Content starts

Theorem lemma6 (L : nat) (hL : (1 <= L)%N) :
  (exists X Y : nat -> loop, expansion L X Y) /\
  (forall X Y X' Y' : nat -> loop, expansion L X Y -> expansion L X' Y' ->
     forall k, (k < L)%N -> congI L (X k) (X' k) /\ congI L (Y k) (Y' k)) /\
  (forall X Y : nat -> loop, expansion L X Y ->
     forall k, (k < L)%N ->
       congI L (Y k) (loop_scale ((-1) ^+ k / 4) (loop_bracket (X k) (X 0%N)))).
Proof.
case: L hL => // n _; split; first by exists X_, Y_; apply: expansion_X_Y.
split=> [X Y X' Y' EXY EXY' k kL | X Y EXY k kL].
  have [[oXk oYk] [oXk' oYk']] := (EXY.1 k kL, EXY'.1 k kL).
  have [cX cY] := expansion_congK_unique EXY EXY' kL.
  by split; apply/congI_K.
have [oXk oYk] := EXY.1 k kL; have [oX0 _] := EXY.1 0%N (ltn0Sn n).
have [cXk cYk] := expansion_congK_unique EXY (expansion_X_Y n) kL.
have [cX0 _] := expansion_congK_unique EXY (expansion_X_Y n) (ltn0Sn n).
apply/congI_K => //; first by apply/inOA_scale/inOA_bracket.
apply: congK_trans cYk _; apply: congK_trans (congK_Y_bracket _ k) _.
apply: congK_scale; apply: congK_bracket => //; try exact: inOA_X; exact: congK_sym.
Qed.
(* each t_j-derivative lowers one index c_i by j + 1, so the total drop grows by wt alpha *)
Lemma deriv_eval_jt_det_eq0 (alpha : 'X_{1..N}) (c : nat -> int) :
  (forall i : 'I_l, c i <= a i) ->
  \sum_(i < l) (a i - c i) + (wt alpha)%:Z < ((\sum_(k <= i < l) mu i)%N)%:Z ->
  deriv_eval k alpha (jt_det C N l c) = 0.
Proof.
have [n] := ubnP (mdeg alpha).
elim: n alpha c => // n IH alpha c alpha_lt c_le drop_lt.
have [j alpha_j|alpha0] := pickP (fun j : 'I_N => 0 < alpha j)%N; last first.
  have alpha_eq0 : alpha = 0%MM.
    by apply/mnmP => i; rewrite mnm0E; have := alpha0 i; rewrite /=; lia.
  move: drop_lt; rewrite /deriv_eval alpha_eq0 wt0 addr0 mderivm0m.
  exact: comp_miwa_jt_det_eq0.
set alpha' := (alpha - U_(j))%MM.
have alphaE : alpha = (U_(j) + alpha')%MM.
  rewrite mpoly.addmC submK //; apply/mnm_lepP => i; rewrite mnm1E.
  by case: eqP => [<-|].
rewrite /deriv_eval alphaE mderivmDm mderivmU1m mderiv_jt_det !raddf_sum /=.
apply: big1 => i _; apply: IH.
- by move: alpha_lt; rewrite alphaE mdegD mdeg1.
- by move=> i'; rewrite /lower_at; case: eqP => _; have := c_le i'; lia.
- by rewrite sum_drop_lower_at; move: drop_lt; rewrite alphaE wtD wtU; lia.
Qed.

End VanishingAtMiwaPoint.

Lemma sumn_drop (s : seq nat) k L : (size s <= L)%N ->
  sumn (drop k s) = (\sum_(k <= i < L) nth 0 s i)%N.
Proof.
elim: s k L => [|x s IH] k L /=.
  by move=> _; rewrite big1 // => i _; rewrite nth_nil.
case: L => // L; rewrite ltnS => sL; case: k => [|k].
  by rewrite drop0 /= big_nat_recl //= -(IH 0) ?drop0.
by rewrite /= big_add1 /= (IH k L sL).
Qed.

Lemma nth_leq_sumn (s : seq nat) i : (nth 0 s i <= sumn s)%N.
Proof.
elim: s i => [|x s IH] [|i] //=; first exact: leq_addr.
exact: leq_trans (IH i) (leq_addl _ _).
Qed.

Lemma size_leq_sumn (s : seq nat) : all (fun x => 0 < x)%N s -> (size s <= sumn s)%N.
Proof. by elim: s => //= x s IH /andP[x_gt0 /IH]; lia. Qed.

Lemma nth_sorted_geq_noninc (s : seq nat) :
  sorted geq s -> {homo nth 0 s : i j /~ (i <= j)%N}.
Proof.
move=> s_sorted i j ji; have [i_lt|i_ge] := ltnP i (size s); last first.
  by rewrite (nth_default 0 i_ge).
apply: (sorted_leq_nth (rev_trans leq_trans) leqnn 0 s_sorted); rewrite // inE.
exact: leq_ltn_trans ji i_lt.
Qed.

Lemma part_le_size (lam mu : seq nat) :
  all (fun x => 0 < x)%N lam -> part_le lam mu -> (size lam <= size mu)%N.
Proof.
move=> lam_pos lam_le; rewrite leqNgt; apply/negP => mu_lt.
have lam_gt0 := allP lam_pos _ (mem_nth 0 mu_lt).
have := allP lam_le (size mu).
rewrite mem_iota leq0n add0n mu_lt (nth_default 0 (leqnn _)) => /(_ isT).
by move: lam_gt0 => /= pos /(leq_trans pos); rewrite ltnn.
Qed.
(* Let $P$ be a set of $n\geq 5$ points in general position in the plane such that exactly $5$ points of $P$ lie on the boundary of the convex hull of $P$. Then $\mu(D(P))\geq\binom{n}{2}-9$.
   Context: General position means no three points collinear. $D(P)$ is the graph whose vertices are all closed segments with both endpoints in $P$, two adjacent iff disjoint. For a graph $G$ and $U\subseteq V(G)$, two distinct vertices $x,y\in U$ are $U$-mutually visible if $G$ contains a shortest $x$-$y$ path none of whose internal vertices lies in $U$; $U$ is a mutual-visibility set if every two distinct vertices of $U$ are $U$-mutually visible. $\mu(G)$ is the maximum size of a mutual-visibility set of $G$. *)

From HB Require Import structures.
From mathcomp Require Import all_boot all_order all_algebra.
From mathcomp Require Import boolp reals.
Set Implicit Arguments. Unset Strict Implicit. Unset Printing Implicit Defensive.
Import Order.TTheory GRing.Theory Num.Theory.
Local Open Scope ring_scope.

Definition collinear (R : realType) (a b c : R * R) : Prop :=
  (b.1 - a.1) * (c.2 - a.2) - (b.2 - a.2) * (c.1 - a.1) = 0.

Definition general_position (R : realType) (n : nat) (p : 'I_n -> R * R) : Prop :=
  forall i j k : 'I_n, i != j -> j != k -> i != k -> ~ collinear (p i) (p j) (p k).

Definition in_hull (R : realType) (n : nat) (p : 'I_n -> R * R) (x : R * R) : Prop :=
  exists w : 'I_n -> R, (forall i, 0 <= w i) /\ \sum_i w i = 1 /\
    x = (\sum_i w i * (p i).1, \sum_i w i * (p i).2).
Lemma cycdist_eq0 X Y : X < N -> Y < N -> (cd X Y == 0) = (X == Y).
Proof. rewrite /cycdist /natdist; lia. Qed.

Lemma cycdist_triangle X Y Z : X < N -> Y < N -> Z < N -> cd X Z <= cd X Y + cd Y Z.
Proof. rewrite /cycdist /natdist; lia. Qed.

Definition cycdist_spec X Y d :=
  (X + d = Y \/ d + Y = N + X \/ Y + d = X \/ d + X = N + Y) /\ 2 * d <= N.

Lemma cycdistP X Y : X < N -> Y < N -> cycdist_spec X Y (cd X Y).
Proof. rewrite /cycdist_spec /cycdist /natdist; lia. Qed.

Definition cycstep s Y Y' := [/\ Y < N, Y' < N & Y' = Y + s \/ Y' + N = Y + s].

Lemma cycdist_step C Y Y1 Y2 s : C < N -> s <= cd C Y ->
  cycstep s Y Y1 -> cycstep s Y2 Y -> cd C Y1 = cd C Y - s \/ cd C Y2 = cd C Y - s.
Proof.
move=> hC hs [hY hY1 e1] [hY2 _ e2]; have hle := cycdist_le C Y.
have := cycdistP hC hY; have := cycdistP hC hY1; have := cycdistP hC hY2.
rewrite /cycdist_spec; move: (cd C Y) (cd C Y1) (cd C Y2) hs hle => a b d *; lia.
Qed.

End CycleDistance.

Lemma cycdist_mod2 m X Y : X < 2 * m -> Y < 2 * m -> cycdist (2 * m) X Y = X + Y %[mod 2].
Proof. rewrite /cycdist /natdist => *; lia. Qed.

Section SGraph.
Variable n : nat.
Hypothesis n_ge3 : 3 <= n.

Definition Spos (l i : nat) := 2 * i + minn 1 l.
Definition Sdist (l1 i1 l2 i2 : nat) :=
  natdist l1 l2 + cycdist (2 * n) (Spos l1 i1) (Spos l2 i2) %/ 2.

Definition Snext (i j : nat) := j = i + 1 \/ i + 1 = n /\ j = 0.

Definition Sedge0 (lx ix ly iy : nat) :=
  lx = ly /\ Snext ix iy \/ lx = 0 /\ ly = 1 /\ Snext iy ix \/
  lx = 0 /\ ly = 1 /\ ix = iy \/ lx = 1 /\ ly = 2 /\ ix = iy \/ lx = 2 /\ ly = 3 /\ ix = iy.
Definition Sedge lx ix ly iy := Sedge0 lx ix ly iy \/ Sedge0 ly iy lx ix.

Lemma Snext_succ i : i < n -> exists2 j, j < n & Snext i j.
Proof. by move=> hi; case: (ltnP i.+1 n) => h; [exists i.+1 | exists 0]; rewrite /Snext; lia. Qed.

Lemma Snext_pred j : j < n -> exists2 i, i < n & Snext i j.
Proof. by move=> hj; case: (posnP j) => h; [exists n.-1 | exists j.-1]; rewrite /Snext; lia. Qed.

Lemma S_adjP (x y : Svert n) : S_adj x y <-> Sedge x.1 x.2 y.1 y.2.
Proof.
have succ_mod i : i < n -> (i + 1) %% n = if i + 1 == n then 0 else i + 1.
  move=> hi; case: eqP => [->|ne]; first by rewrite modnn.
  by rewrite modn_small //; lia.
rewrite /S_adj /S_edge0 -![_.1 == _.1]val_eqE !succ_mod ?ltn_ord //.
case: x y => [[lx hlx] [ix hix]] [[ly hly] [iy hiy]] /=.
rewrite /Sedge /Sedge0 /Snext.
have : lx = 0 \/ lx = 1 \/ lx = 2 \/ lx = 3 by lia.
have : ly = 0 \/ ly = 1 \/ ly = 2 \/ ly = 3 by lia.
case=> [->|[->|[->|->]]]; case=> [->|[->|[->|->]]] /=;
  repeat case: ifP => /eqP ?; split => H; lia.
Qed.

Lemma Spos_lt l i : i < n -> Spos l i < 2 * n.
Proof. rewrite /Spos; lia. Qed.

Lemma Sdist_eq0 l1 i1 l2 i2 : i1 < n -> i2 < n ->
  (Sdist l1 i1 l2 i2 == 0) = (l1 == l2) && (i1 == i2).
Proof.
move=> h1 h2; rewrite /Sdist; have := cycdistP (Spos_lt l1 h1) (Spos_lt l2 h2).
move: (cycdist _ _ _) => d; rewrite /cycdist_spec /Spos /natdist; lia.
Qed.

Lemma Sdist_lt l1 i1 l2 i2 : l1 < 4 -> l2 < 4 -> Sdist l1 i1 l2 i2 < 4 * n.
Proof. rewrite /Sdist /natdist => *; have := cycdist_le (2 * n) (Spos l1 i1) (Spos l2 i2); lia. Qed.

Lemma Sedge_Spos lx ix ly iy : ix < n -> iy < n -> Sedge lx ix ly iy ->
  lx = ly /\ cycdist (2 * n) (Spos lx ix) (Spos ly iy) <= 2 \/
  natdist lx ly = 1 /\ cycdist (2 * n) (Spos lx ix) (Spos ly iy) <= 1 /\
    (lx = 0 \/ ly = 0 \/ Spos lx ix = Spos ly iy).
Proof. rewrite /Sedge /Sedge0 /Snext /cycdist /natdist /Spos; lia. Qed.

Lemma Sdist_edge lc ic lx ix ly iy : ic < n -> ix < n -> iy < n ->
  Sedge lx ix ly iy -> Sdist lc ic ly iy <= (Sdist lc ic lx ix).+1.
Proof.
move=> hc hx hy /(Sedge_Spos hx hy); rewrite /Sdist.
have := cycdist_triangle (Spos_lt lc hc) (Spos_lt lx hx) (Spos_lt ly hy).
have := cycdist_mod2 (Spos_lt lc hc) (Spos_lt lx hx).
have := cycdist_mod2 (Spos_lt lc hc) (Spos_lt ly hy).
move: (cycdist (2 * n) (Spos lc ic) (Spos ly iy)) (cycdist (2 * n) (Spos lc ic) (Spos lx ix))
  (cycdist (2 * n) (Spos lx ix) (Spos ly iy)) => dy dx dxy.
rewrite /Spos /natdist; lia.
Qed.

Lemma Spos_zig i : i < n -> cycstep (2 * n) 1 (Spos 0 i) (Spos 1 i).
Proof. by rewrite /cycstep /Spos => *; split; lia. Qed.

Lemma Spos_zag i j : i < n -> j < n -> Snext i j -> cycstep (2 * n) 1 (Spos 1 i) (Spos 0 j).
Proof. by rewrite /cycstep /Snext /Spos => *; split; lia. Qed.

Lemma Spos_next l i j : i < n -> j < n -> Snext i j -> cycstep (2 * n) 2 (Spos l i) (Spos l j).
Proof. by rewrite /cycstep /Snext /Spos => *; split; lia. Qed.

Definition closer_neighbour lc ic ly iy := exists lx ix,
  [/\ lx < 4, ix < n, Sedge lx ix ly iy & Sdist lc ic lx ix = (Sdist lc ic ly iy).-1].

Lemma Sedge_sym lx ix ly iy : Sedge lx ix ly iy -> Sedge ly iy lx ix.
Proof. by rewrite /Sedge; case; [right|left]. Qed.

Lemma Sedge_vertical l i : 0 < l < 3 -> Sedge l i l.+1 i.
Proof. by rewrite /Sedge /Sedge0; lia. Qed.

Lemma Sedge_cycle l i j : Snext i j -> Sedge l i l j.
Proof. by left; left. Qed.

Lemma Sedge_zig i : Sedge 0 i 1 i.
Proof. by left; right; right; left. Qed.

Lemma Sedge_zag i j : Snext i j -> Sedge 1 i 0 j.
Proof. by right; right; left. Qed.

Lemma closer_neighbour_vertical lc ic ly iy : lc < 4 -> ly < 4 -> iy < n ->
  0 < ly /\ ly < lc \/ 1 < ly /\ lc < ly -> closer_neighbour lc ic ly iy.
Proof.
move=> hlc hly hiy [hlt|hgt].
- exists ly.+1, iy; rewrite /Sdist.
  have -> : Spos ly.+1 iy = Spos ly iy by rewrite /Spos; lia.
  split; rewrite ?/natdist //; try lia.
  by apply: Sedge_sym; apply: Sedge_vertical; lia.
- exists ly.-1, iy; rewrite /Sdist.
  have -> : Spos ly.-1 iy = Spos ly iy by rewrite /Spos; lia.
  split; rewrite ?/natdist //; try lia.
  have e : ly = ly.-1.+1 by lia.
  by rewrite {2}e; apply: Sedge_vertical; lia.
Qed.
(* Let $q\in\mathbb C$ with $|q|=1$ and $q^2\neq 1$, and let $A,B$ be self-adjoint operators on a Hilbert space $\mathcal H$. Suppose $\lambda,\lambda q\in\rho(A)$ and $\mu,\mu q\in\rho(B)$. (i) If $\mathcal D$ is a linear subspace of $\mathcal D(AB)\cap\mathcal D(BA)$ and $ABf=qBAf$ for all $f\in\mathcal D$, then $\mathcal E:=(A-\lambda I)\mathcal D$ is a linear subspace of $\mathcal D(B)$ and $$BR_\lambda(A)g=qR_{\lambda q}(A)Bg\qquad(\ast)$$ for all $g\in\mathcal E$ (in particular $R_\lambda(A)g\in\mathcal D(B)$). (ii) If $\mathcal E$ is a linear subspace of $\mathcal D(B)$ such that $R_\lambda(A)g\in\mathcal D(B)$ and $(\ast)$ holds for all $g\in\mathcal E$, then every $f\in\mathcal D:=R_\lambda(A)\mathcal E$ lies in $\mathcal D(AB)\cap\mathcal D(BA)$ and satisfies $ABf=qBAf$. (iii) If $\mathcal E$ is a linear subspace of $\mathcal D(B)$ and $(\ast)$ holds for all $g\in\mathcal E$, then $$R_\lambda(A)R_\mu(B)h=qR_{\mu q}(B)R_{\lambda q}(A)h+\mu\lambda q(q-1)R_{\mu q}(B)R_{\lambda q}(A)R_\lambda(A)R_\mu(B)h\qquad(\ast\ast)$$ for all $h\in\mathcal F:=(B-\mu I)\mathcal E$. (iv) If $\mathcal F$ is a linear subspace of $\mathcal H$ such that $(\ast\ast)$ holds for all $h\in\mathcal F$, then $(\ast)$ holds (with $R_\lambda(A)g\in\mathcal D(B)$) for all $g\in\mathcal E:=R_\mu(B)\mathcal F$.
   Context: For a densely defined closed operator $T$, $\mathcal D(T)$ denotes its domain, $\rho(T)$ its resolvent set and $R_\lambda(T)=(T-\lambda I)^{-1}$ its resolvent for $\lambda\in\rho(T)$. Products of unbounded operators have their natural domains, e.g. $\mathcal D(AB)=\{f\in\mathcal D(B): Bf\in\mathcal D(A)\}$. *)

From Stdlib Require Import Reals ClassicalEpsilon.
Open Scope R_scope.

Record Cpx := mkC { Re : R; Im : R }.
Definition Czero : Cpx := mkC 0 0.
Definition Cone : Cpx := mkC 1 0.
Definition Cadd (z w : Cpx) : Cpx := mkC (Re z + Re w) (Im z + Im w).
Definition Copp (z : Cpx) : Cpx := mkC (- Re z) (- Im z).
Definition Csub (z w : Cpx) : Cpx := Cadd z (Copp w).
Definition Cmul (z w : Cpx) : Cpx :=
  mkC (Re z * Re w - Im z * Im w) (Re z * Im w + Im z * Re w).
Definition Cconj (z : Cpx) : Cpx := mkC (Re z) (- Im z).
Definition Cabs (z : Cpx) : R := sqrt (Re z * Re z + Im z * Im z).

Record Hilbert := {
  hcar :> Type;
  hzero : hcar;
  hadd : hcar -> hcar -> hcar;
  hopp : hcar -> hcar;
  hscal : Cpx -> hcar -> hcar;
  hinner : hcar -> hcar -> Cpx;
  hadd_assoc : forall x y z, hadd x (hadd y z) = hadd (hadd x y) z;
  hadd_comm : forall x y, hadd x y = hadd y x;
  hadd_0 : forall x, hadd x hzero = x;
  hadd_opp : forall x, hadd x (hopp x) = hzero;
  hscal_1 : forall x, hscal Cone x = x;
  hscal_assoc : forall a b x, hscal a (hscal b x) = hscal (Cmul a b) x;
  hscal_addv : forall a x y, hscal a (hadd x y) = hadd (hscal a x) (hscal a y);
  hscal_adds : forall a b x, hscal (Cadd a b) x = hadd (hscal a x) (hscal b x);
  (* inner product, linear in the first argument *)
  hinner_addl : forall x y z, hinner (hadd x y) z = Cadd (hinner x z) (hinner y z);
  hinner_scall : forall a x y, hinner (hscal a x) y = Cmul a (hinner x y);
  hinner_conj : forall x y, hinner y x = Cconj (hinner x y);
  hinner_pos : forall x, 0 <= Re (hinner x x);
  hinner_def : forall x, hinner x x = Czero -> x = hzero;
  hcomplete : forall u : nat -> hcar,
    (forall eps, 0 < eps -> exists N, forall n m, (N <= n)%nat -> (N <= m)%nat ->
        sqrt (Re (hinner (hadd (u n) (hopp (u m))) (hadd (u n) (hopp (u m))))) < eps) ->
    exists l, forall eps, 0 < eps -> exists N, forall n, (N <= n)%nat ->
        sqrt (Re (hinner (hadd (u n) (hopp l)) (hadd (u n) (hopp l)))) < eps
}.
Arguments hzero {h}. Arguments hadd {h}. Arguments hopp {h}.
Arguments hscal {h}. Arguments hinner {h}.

Content ends

Starting at the first line of the records, print each line exactly, stopping after the line that contains "have [cXk cYk]".

Completed exercise
Theorem lemma6 (L : nat) (hL : (1 <= L)%N) :
  (exists X Y : nat -> loop, expansion L X Y) /\
  (forall X Y X' Y' : nat -> loop, expansion L X Y -> expansion L X' Y' ->
     forall k, (k < L)%N -> congI L (X k) (X' k) /\ congI L (Y k) (Y' k)) /\
  (forall X Y : nat -> loop, expansion L X Y ->
     forall k, (k < L)%N ->
       congI L (Y k) (loop_scale ((-1) ^+ k / 4) (loop_bracket (X k) (X 0%N)))).
Proof.
case: L hL => // n _; split; first by exists X_, Y_; apply: expansion_X_Y.
split=> [X Y X' Y' EXY EXY' k kL | X Y EXY k kL].
  have [[oXk oYk] [oXk' oYk']] := (EXY.1 k kL, EXY'.1 k kL).
  have [cX cY] := expansion_congK_unique EXY EXY' kL.
  by split; apply/congI_K.
have [oXk oYk] := EXY.1 k kL; have [oX0 _] := EXY.1 0%N (ltn0Sn n).
have [cXk cYk] := expansion_congK_unique EXY (expansion_X_Y n) kL.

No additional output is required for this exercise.